Creo que el género mismo es la violencia, que las normas de masculinidad y feminidad tal y como las conocemos, producen violencia.

-Beatriz Preciado-

domingo, 2 de junio de 2013

Una heroína.

Rabia, deseperación, frustración y mucho dolor. Cóctel de sentimientos y sensaciones se mezclan en el cuerpo cuando la violencia de género llama a las puertas de tu entorno, cuando no lo ves desde la óptica profesional porque sientes y quieres a la persona agredida.

En este caso, quiero agradecer a las y los profesionales que nos atendieron y guiaron: gracias a la abogada, al policía y al médico por el trato profesional, cercano y por los "yo te creo", gracias a las amistades y familiares que asesoraron, buscaron información y nos mandaron su calorcito.

Luchadora, fuerte y valiente.... Ella no lo ve, pero es una heroína.El caso es que la historia supone una situación de violencia física y verbal. Afortunadamente, la mujer agredida puede acceder a su teléfono. Ahí comienza la historia: llena de dudas, miedos e inseguridades va sorteando los difíciles momentos a superar. Se enfrenta a la denuncia donde tiene que revivir la difícil situación vivida. Son muchas las dudas: denuncio, no lo hago, qué le va a pasar a él, lo estaré llevando todo muy lejos. Evidentemente, tras oir su declaración, ella está haciendo sólo lo que le corresponde. Aún así,  el hecho de enfrentarse a la firma de la petición de la orden de alejamiento y denuncia supone otro mar de dudas. Ir al médico y decir lo que te ha pasado, es el tercer momento para ser atacada por miedos e inseguridades.

A lo largo de este duro trayecto, el sentimiento de culpa y la vergüenza acompañan a la mujer agredida, así de cruel y perverso es el heteropatriarcado que da la vuelta a las cosas como si de una tortilla se tratase. Sutiles fueron las primeras violencias pero ahora vemos sus efectos. LLega la tarde y la noche y, con ellas, el dolor físico y el miedo.

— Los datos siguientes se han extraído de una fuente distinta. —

Lemma RInt_comp_affine (f : R -> R) u v a b : u <> 0 -> ex_RInt f (u * a + v) (u * b + v) ->
  ex_RInt (fun y => f (u * y + v)) a b /\
  RInt (fun y => f (u * y + v)) a b = / u * RInt f (u * a + v) (u * b + v).
Proof.
intros Hu H.
assert (Hl : ex_RInt (fun y => u * f (u * y + v)) a b) by exact (ex_RInt_comp_lin f u v a b H).
assert (El : RInt (fun y => u * f (u * y + v)) a b = RInt f (u * a + v) (u * b + v))
  by exact (RInt_comp_lin f u v a b H).
assert (Ex : ex_RInt (fun y => f (u * y + v)) a b).
{ apply (ex_RInt_ext (fun y => / u * (u * f (u * y + v)))).
  - intros x _. change (@eq R (/ u * (u * f (u * x + v))) (f (u * x + v))). field. exact Hu.
  - exact (ex_RInt_scal _ a b (/ u) Hl). }
split; [exact Ex|].
rewrite <- El.
assert (Es : RInt (fun y => / u * (u * f (u * y + v))) a b = / u * RInt (fun y => u * f (u * y + v)) a b)
  by exact (RInt_scal _ a b (/ u) Hl).
rewrite <- Es. apply RInt_ext. intros x _.
change (@eq R (f (u * x + v)) (/ u * (u * f (u * x + v)))). field. exact Hu.
Qed.

Lemma is_RInt_R_comp_affine f l u v : 0 < u -> is_RInt_R f l -> is_RInt_R (fun x => f (u * x + v)) (l / u).
Proof.
intros Hu [Hex H].
split; [intros a b; apply (RInt_comp_affine f u v a b ltac:(lra) (Hex _ _))|].
intros eps He. destruct (H (eps * u)) as [M HM]; [nra|].
exists ((Rabs M + Rabs v) / u). intros a b Ha Hb.
rewrite (proj2 (RInt_comp_affine f u v a b ltac:(lra) (Hex _ _))).
pose proof (Rle_abs M). pose proof (Rle_abs v). pose proof (Rle_abs (- v)). rewrite Rabs_Ropp in *.
assert (A : u * a + v <= - M).
{ apply (Rmult_le_compat_l u) in Ha; [|lra].
  replace (u * - ((Rabs M + Rabs v) / u)) with (- (Rabs M + Rabs v)) in Ha by (field; lra). lra. }
assert (B : M <= u * b + v).
{ apply (Rmult_le_compat_l u) in Hb; [|lra].
  replace (u * ((Rabs M + Rabs v) / u)) with (Rabs M + Rabs v) in Hb by (field; lra). lra. }
specialize (HM _ _ A B).
replace (/ u * RInt f (u * a + v) (u * b + v) - l / u) with (/ u * (RInt f (u * a + v) (u * b + v) - l))
  by (field; lra).
rewrite Rabs_mult, Rabs_right by (left; apply Rinv_0_lt_compat; lra).
apply (Rmult_lt_reg_l u); [lra|]. rewrite <- Rmult_assoc, Rinv_r by lra. lra.
Qed.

Después de una noche sin dormir, se enfrenta a la tensión y a que le cuestionen en el juicio rápido. Sale y, de momento, con su orden de alejamiento. Ella llora. Aún no es consciente de quién es y cómo es. En este proceso, ha ido tomando las riendas. Ha gestionado el miedo, la ansiedad, el dolor físico, la culpa..., se ha creado su red de apoyo, ha dado los pasos para una vida mejor. Ella no lo ve, pero yo la miro y veo a una heroína.  

5 comentarios :

Nuria Duret dijo...

No podría estar más de acuerdo :). La aplaudo y me quito el sombrero, porque ella ha conseguido lo que muchas mujeres no logran en toda una vida. La libertad. Un besazo Pizpi y nuevamente, felicidades por tu blog ;).

el perdi dijo...

¿QUIEN ES ELLA? SE PUEDE SABER SU NOMBRE?? ME ENCANTARIA TENER UNA ENTREVISTA CON ELLA.

PizPi ReTa dijo...

Su nombre es anónimo por proteger su integridad física y emocional. Siento no poder facilitarte datos ya que tampoco conocemos quién eres, ni qué uso darías a esa entrevista. Saludos.

Gema Palomo Ramírez dijo...

q bueno tu reflejo de sus emociones, piel con piel, maja ¡¡
Enhorabuena, q bien describes ¡¡ Y sobre todo, oleole por ella y por las que como ella logran mostrarnos ese mensaje cada día ¡

Ichi Pichi dijo...

Gracias por acercarnos, y por poner palabras a un sentir y un vivir de muchas mujeres.